Fail to consume the last item:

$ python procon.py --items 10 --consumer-fails-at 9
ERROR:root:cannot consume item 9

And here is the probably overly complex source code:

"""
Consumer/producer to test exception handling in threads. Both the producer
and the consumer can be made to fail deliberately when processing a certain
item using command line options.
"""
import logging
import optparse
import Queue
import threading
import time

_PRODUCTION_DELAY = 0.1
_CONSUMPTION_DELAY = 0.3

# Delay for ugly hacks and polling loops.
_HACK_DELAY = 0.05

class _Consumer(threading.Thread):
    """
    Thread to consume items from an item queue filled by a producer, which can
    be told to terminate in two ways:

    1. using `finish()`, which keeps processing the remaining items on the
       queue until it is empty
    2. using `cancel()`, which finishes consuming the current item and then
       terminates
    """
    def __init__(self, name, itemQueue, failedConsumers):
        super(_Consumer, self).__init__(name=name)
        self._log = logging.getLogger(name)
        self._itemQueue = itemQueue
        self._failedConsumers = failedConsumers
        self.error = None
        self.itemToFailAt = None
        self._log.info(u"waiting for items to consume")
        self._isFinishing = False
        self._isCanceled = False

    def finish(self):
        self._isFinishing = True

    def cancel(self):
        self._isCanceled = True

    def consume(self, item):
        self._log.info(u"consume item %d", item)
        if item == self.itemToFailAt:
            raise ValueError("cannot consume item %d" % item)
        time.sleep(_CONSUMPTION_DELAY)

    def run(self):
        try:
            while not (self._isFinishing and self._itemQueue.empty()) \
                    and not self._isCanceled:
                # HACK: Use a timeout when getting the item from the queue
                # because between `empty()` and `get()` another consumer might
                # have removed it.
                try:
                    item = self._itemQueue.get(timeout=_HACK_DELAY)
                    self.consume(item)
                except Queue.Empty:
                    pass
            if self._isCanceled:
                self._log.info(u"canceled")
            if self._isFinishing:
                self._log.info(u"finished")
        except Exception, error:
            self._log.error(u"cannot continue to consume: %s", error)
            self.error = error
            self._failedConsumers.put(self)


class Worker(object):
    """
    Controller for interaction between producer and consumers.
    """
    def __init__(self, itemsToProduceCount, itemProducerFailsAt,
            itemConsumerFailsAt, consumerCount):
        self._itemsToProduceCount = itemsToProduceCount
        self._itemProducerFailsAt = itemProducerFailsAt
        self._itemConsumerFailsAt = itemConsumerFailsAt
        self._consumerCount = consumerCount
        self._itemQueue = Queue.Queue()
        self._failedConsumers = Queue.Queue()
        self._log = logging.getLogger("producer")
        self._consumers = []

    def _possiblyRaiseConsumerError(self):
            if not self._failedConsumers.empty():
                failedConsumer = self._failedConsumers.get()
                self._log.info(u"handling failed %s", failedConsumer.name)
                raise failedConsumer.error

    def _cancelAllConsumers(self):
        self._log.info(u"canceling all consumers")
        for consumerToCancel in self._consumers:
            consumerToCancel.cancel()
        self._log.info(u"waiting for consumers to be canceled")
        for possiblyCanceledConsumer in self._consumers:
            # In this case, we ignore possible consumer errors because there
            # already is an error to report.
            possiblyCanceledConsumer.join(_HACK_DELAY)
            if possiblyCanceledConsumer.isAlive():
                self._consumers.append(possiblyCanceledConsumer)

    def work(self):
        """
        Launch consumer thread and produce items.
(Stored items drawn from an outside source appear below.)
Lemma singular_weight_bound d s t : singular_weight d s t ->
  [/\ (s + t <= d)%N, (s <= d - s - t)%N & (t <= s)%N].
Proof.
move=> [v [nz /inEstarVP supp L1v L2v]].
have supp0 z : v z != 0 -> ncoord 0 z = (d - s - t)%N.
  by move=> /supp [e1 e2]; have := ncoord_sum z; rewrite e1 e2; lia.
have [z0 /supp [e1 e2]] := exists_ffun_neq0 nz.
split.
- by rewrite -(ncoord_sum z0) e1 e2; lia.
- apply: (ncoord_le_of_Lop_eq0 (a := inord 1) (b := inord 0) _ nz) L1v.
    by rewrite -val_eqE /= !inordK.
  by move=> z vz; rewrite !inordK //; split; [case: (supp z vz) | apply: supp0].
- apply: (ncoord_le_of_Lop_eq0 (a := inord 2) (b := inord 1) _ nz) L2v.
    by rewrite -val_eqE /= !inordK.
  by move=> z vz; rewrite !inordK //; case: (supp z vz).
Qed.

(* Otherwise [d], being determined by the type of [hd], would become implicit. *)
Unset Implicit Arguments.

Theorem lemma4p4 (d : nat) (hd : (1 <= d)%N) :
  (forall r s t : nat, (r + s + t)%N = d -> (t <= s)%N -> (s <= r)%N ->
     exists v : V d, v != 0 /\ inEstarV s t v /\ L1 v = 0 /\ L2 v = 0)
  /\
  (forall (s t : nat) (v : V d), v != 0 -> inEstarV s t v -> L1 v = 0 -> L2 v = 0 ->
     [/\ (s + t <= d)%N, (s <= d - s - t)%N & (t <= s)%N]).
Proof.
split=> [r s t <- ts sr | s t v nz Ev L1v L2v].
- have [v [nz Ev L1v L2v]] := singular_weight_dominant ts sr.
  by exists v.
- by apply: singular_weight_bound; exists v.
Qed.
Section FactorizationFromPsd.
Variables (R : rcfType) (N : nat) (gamma C : R) (A : psd_alg R N).
Local Notation S := ((C * gamma) ^+ 2).

Definition new_rows (p : seq 'rV[R]_N) (q : 'rV[R]_N) : seq 'rV[R]_N :=
  match psd_run A p, A.2 (rcons p q) with
  | Some Xp, Some Xt => psd_rows (S^-1 *: (Xt - Xp))
  | _, _ => [::]
  end.

Fixpoint rows_of_rev (rp : seq 'rV[R]_N) : seq 'rV[R]_N :=
  if rp is q :: rp' then rows_of_rev rp' ++ new_rows (rev rp') q
  else psd_rows (S^-1 *: A.1).

Definition rows_of (p : seq 'rV[R]_N) : seq 'rV[R]_N := rows_of_rev (rev p).

Lemma rows_of_rcons p q : rows_of (rcons p q) = rows_of p ++ new_rows p q.
Proof. by rewrite /rows_of rev_rcons /= revK. Qed.

Definition fact_step (p : seq 'rV[R]_N) (q : 'rV[R]_N) :
    option (seq 'rV[R]_N * seq R) :=
  if A.2 (rcons p q) is Some _ then
    Some (new_rows p q, seq_of_row (gram_coef (mx_of_rows (rows_of (rcons p q))) q))
  else None.

(* The step function is only ever queried on nonempty prefixes [rcons p q]. *)
Definition fact_of_psd : fact_alg R N :=
  (rows_of [::], fun p => if rev p is q :: rp then fact_step (rev rp) q else None).

Lemma fact_of_psd_rcons p q : fact_of_psd.2 (rcons p q) = fact_step p q.
Proof. by rewrite /= rev_rcons revK. Qed.

Hypotheses (A_ok : psd_alg_correct gamma C A) (Cgamma_gt0 : 0 < C * gamma).

Lemma sqr_Cgamma_gt0 : 0 < S.
Proof. exact: exprn_gt0. Qed.
(* Let $q=2^m$ with $m\ge 4$ even. Then the subfield subcode $\mathcal C_{\{3,5\}}^{\perp}|_{\mathrm{GF}(q)}$ has parameters $[q+1,q-3,4]_q$.
   Context: Let $U_{q+1}$ be the set of $(q+1)$-th roots of unity in $\mathrm{GF}(q^2)$; coordinates of vectors of length $q+1$ are indexed by $U_{q+1}$ (in a fixed order). Define the code over $\mathrm{GF}(q^2)$ $\mathcal C_{\{3,5\}}=\{(a_3u^3+a_{q-2}u^{q-2}+a_5u^5+a_{q-4}u^{q-4})_{u\in U_{q+1}}: a_3,a_{q-2},a_5,a_{q-4}\in\mathrm{GF}(q^2)\}$. $\mathcal C_{\{3,5\}}^\perp$ is its dual with respect to the standard inner product $\sum_u c_uw_u$, and $\mathcal C^\perp_{\{3,5\}}|_{\mathrm{GF}(q)}=\mathcal C^\perp_{\{3,5\}}\cap\mathrm{GF}(q)^{q+1}$. $[n,k,d]_q$ denotes a linear code over $\mathrm{GF}(q)$ of length $n$, dimension $k$, minimum distance $d$. *)

From HB Require Import structures.
From mathcomp Require Import all_boot all_order all_algebra all_field.
Set Implicit Arguments. Unset Strict Implicit. Unset Printing Implicit Defensive.
Import GRing.Theory.
Local Open Scope ring_scope.

Definition Uset (F : finFieldType) (q : nat) : {set F} :=
  [set u : F | u ^+ q.+1 == 1].

(* The code length n = |U_{q+1}|; coordinates indexed by 'I_n via enum_val
   (a fixed order of U_{q+1}). *)
Notation ulen F q := #|Uset F q|.

(* The coordinate of the codeword of C_{3,5} with coefficients
   (a3, a_{q-2}, a5, a_{q-4}) at position u. *)
Definition c35 (F : finFieldType) (q : nat) (a3 aq2 a5 aq4 u : F) : F :=
  a3 * u ^+ 3 + aq2 * u ^+ (q - 2) + a5 * u ^+ 5 + aq4 * u ^+ (q - 4).

(* Subfield subcode C_{3,5}^perp |_{GF(q)}: GF(q) is realized as a finite
   field K embedded into F by the field morphism iota; a vector over GF(q)
   of length n is a row vector c : 'rV[K]_n, and it lies in the dual of
   C_{3,5} iff sum_u c_u w_u = 0 for every codeword w of C_{3,5}. *)
Definition subcode35 (K F : finFieldType) (iota : {rmorphism K -> F}) (q : nat)
  : {set 'rV[K]_(ulen F q)} :=
  [set c : 'rV[K]_(ulen F q) | [forall a3 : F, forall aq2 : F, forall a5 : F,
     forall aq4 : F,
       \sum_(i < ulen F q) c35 q a3 aq2 a5 aq4 (enum_val i) * iota (c ord0 i)
         == 0]].

Definition wt (K : finFieldType) (n : nat) (c : 'rV[K]_n) : nat :=
  #|[set i : 'I_n | c ord0 i != 0]|.

Definition is_linear_code (K : finFieldType) (n : nat) (C : {set 'rV[K]_n}) :=
  0 \in C /\ forall (a : K) (x y : 'rV[K]_n), x \in C -> y \in C -> a *: x + y \in C.

Definition code_dim (K : finFieldType) (n : nat) (C : {set 'rV[K]_n}) : nat :=
  \dim <<enum C>>%VS.

Definition min_dist_is (K : finFieldType) (n : nat) (C : {set 'rV[K]_n}) (d : nat) :=
  (exists2 c, c \in C & c != 0 /\ wt c = d) /\
  (forall c, c \in C -> c != 0 -> (d <= wt c)%N).

From HB Require Import structures.
From mathcomp Require Import all_boot all_order all_algebra all_field.
From mathcomp Require Import ring zify.
Set Implicit Arguments. Unset Strict Implicit. Unset Printing Implicit Defensive.
Import GRing.Theory.
Local Open Scope ring_scope.

(* Write F = GF(q^2), view K = GF(q) inside F through iota, and let frob x = x^q.
   On the group U of (q+1)-th roots of unity frob is inversion, so u^(q-2) = frob (u^3) and
   u^(q-4) = frob (u^5); as frob fixes the entries of a vector c over K, c lies in the subcode
   iff its syndromes S3 c = sum_u c_u u^3 and S5 c = sum_u c_u u^5 vanish.
   The map c |-> (S3 c, S5 c) sends K^(q+1) onto F^2, because the sums over U of u^k vanish
   for 0 < k <= q; hence the code has q^(q+1-4) elements.
   A nonzero codeword of weight at most 3 gives, after applying frob, a vanishing determinant
   with rows u^3, u^-3, u^5 at three distinct points of U.  Up to a unit this determinant is
   the square of t43 u1 u2 u3, which cannot vanish there since cubing is injective on U
   (q = 1 mod 3 as m is even).
   For weight 4, take u in U other than 1 and a primitive cube root of unity om, which lies in
   GF(4) <= GF(q).  Then v = om^2 (u + om) / (u + om^2) lies in U and w' = v + v^-1 satisfies
   w' (w + 1) = w for w = u + u^-1.  Put v^3 + v^-3 on u, u^-1 and u^3 + u^-3 on v, v^-1:
   S3 vanishes by symmetry, and S5 by an identity between the Dickson polynomials D_3, D_5
   evaluated at w and w'. *)

Lemma card_roots_lt_size (F : finFieldType) (A : {set F}) (p : {poly F}) :
  p != 0 -> {subset A <= root p} -> (#|A| < size p)%N.
Proof.
move=> p0 Ap; rewrite cardE; apply: max_poly_roots => //; last exact: enum_uniq.
by apply/allP => x; rewrite mem_enum => /Ap.
Qed.

Lemma exists_cube_root1 (F : finFieldType) : (3 %| #|F|.-1)%N -> exists2 w : F, w ^+ 3 = 1 & w != 1.
Proof.
case/dvdnP=> k; rewrite -subn1 => Fk; have F_gt1 : (1 < #|F|)%N := finNzRing_gt1 F.
have k_gt0 : (0 < k)%N by lia.
have [x xk] : exists x : F, x ^+ k.+1 != x.
  apply/existsP; rewrite -negb_forall; apply/negP => /forallP xk.
  suff : (#|F| < size ('X^(k.+1) - 'X : {poly F})%R)%N.
    by rewrite size_polyDl ?size_polyXn ?size_polyN ?size_polyX //; lia.
  rewrite -cardsT; apply: card_roots_lt_size.
    by rewrite -size_poly_eq0 size_polyDl ?size_polyXn ?size_polyN ?size_polyX //; lia.
  by move=> y _; rewrite rootE !hornerE subr_eq0.
have x0 : x != 0 by apply: contraNneq xk => ->; rewrite expr0n.
exists (x ^+ k); last by apply: contraNneq xk; rewrite exprS => ->; rewrite mulr1.
apply: (mulfI x0); rewrite mulr1 -exprM -exprS -Fk subn1 prednK ?expf_card //.
exact: ltnW.
Qed.

Lemma expr_coprime_eq1 (F : fieldType) (x : F) (a b : nat) :
  (0 < a)%N -> coprime a b -> x ^+ a = 1 -> x ^+ b = 1 -> x = 1.
Proof.
move=> a0 /eqP ab1 xa xb; case: (egcdnP b a0) => ka kb; rewrite ab1 => e _.
have : x ^+ (ka * a) = x ^+ (kb * b + 1) by rewrite e.
by rewrite exprD mulnC (mulnC kb) !exprM xa xb !expr1n mul1r expr1.
Qed.

Lemma card_surj_additive (V W : finZmodType) (f : V -> W) :
  {morph f : x y / x - y} -> (forall w, exists v, f v = w) ->
  #|V| = (#|W| * #|[set v | f v == 0%R]|)%N.
Proof.
move=> fB f_surj; have f0 : f 0 = 0 by rewrite -(subrr 0) fB subrr.
have fN x : f (- x) = - f x by rewrite -sub0r fB f0 sub0r.
have fD x y : f (x + y) = f x + f y by rewrite -[y in LHS]opprK fB fN opprK.
have fiberE w : #|[set v | f v == w]| = #|[set v | f v == 0]|.
  have [v0 <-] := f_surj w.
  rewrite -[RHS](card_imset _ (addrI v0)); apply: eq_card => v; rewrite inE.
  apply/eqP/imsetP => [fv | [k]]; last by rewrite inE => /eqP fk ->; rewrite fD fk addr0.
  by exists (v - v0); [rewrite inE fB fv subrr | rewrite addrC subrK].
transitivity (\sum_(w : W) #|[set v | f v == w]|)%N.
  rewrite -sum1_card (partition_big f predT) //=; apply: eq_bigr => w _.
  by rewrite -sum1_card; apply: eq_bigl => v; rewrite inE.
by rewrite (eq_bigr _ (fun w _ => fiberE w)) sum_nat_const mulnC.
Qed.

Lemma pad_set_to_triple (T : finType) (S : {set T}) : (#|S| <= 3 <= #|T|)%N ->
  exists s : seq T, [/\ uniq s, size s = 3%N & {subset S <= s}].
Proof.
case/andP=> S_le3 T_ge3; exists (take 3 (enum S ++ enum (~: S))); split.
- rewrite take_uniq // cat_uniq !enum_uniq andbT /=.
  by apply/hasPn => x; rewrite !mem_enum inE.
- by rewrite size_takel // size_cat -!cardE cardsC.
- by move=> x xS; rewrite take_cat ltnNge -cardE S_le3 mem_cat mem_enum xS.
Qed.

Lemma wt0 (K : finFieldType) (n : nat) : wt (0 : 'rV[K]_n) = 0%N.
Proof. by apply: eq_card0 => i; rewrite inE mxE eqxx. Qed.

Lemma card_linear_code (K : finFieldType) (n : nat) (C : {set 'rV[K]_n}) :
  is_linear_code C -> #|C| = (#|K| ^ code_dim C)%N.
Proof.
move=> [C0 Clin]; rewrite /code_dim -card_vspace.
have spanC s : {subset s <= C} -> {subset <<s>>%VS <= C}.
  elim: s => [_ v | x s IH sC v]; first by rewrite span_nil memv0 => /eqP ->.
  rewrite span_cons => /memv_addP [_ /vlineP [k ->] [w w_s ->]].
  apply: Clin; first by apply: sC; rewrite mem_head.
  by apply: IH => // y ys; apply: sC; rewrite in_cons ys orbT.
apply: eq_card => v; apply/idP/idP => [vC | /spanC]; first by apply: memv_span; rewrite mem_enum.
by apply => y; rewrite mem_enum.
Qed.

(** * Roots of unity *)

Section RootsOfUnity.
Variables (F : finFieldType) (q : nat).
Local Notation U := (Uset F q).

Lemma Uset_neq0 u : u \in U -> u != 0.
Proof. by rewrite inE; apply: contraTneq => ->; rewrite expr0n eq_sym oner_eq0. Qed.

Lemma Uset1 : 1 \in U. Proof. by rewrite inE expr1n. Qed.

Lemma UsetM u v : u \in U -> v \in U -> u * v \in U.
Proof. by rewrite !inE exprMn => /eqP -> /eqP ->; rewrite mulr1. Qed.

Lemma UsetV u : u \in U -> u^-1 \in U.
Proof. by rewrite !inE exprVn => /eqP ->; rewrite invr1. Qed.

Lemma Uset_expr_inv u j k : u \in U -> (j + k = q.+1)%N -> u ^+ j = u^-1 ^+ k.
Proof.
move=> Uu jk; have u0 := Uset_neq0 Uu; move: Uu; rewrite inE -jk exprD => /eqP ujk.
by rewrite exprVn -[LHS]mulr1 -(mulfV (expf_neq0 k u0)) mulrA ujk mul1r.
Qed.

Lemma Uset_exprq u : u \in U -> u ^+ q = u^-1.
Proof. by move=> Uu; rewrite (Uset_expr_inv (k := 1) Uu) ?addn1. Qed.

Lemma Uset_expr_inj k u v : (0 < k)%N -> coprime k q.+1 -> u \in U -> v \in U ->
  u ^+ k = v ^+ k -> u = v.
Proof.
move=> k0 kq Uu Uv ukvk; have v0 := Uset_neq0 Uv.
suff : u / v = 1 by move/divr1_eq.
apply: (expr_coprime_eq1 k0 kq); first by rewrite expr_div_n ukvk divff // expf_neq0.
by have := UsetM Uu (UsetV Uv); rewrite inE => /eqP.
Qed.

Hypotheses (cardF : #|F| = (q * q)%N) (q_gt1 : (1 < q)%N).

Lemma card_Uset : #|U| = q.+1.
Proof.
apply/eqP; rewrite eqn_leq; apply/andP; split.
  rewrite -ltnS -(size_XnsubC (1 : F) (ltn0Sn q)); apply: card_roots_lt_size.
    by rewrite -size_poly_eq0 size_XnsubC.
  by move=> u; rewrite inE rootE !hornerE => /eqP ->; rewrite subrr.
(* x |-> x ^+ q.-1 maps the q * q - 1 units into U, with fibres of size less than q. *)
pose g (x : F) := x ^+ q.-1.
have gU x : x != 0 -> g x \in U.
  move=> x0; rewrite inE /g -exprM; apply/eqP/(mulfI x0).
  by rewrite -exprS mulr1 -[in RHS](expf_card x) cardF; congr (x ^+ _); nia.
have fiber_small c : (#|[set x | g x == c]| <= q.-1)%N.
  rewrite -ltnS -(size_XnsubC c (_ : 0 < q.-1)%N); last by lia.
  apply: card_roots_lt_size; first by rewrite -size_poly_eq0 size_XnsubC //; lia.
  by move=> x; rewrite inE rootE !hornerE => /eqP <-; rewrite subrr.
have : ((q * q).-1 <= #|U| * q.-1)%N.
  rewrite -cardF -(cardC1 0) -[#|predC1 0|]sum1_card (partition_big g (mem U)) /=.
    rewrite -sum_nat_const; apply: leq_sum => c _; apply: leq_trans (fiber_small c).
    by rewrite !sum1dep_card; apply: subset_leq_card; apply/subsetP => x; rewrite !inE => /andP [].
  by move=> x; apply: gU.
nia.
Qed.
In case any consumer or the
        producer raise an exception, fail by raising this exception  
        """
        self.consumers = []
        for consumerId in range(self._consumerCount):
            consumerToStart = _Consumer(u"consumer %d" % consumerId,
                self._itemQueue, self._failedConsumers)
            self._consumers.append(consumerToStart)
            consumerToStart.start()
            if self._itemConsumerFailsAt is not None:
                consumerToStart.itemToFailAt = self._itemConsumerFailsAt

        self._log = logging.getLogger("producer  ")
        self._log.info(u"producing %d items", self._itemsToProduceCount)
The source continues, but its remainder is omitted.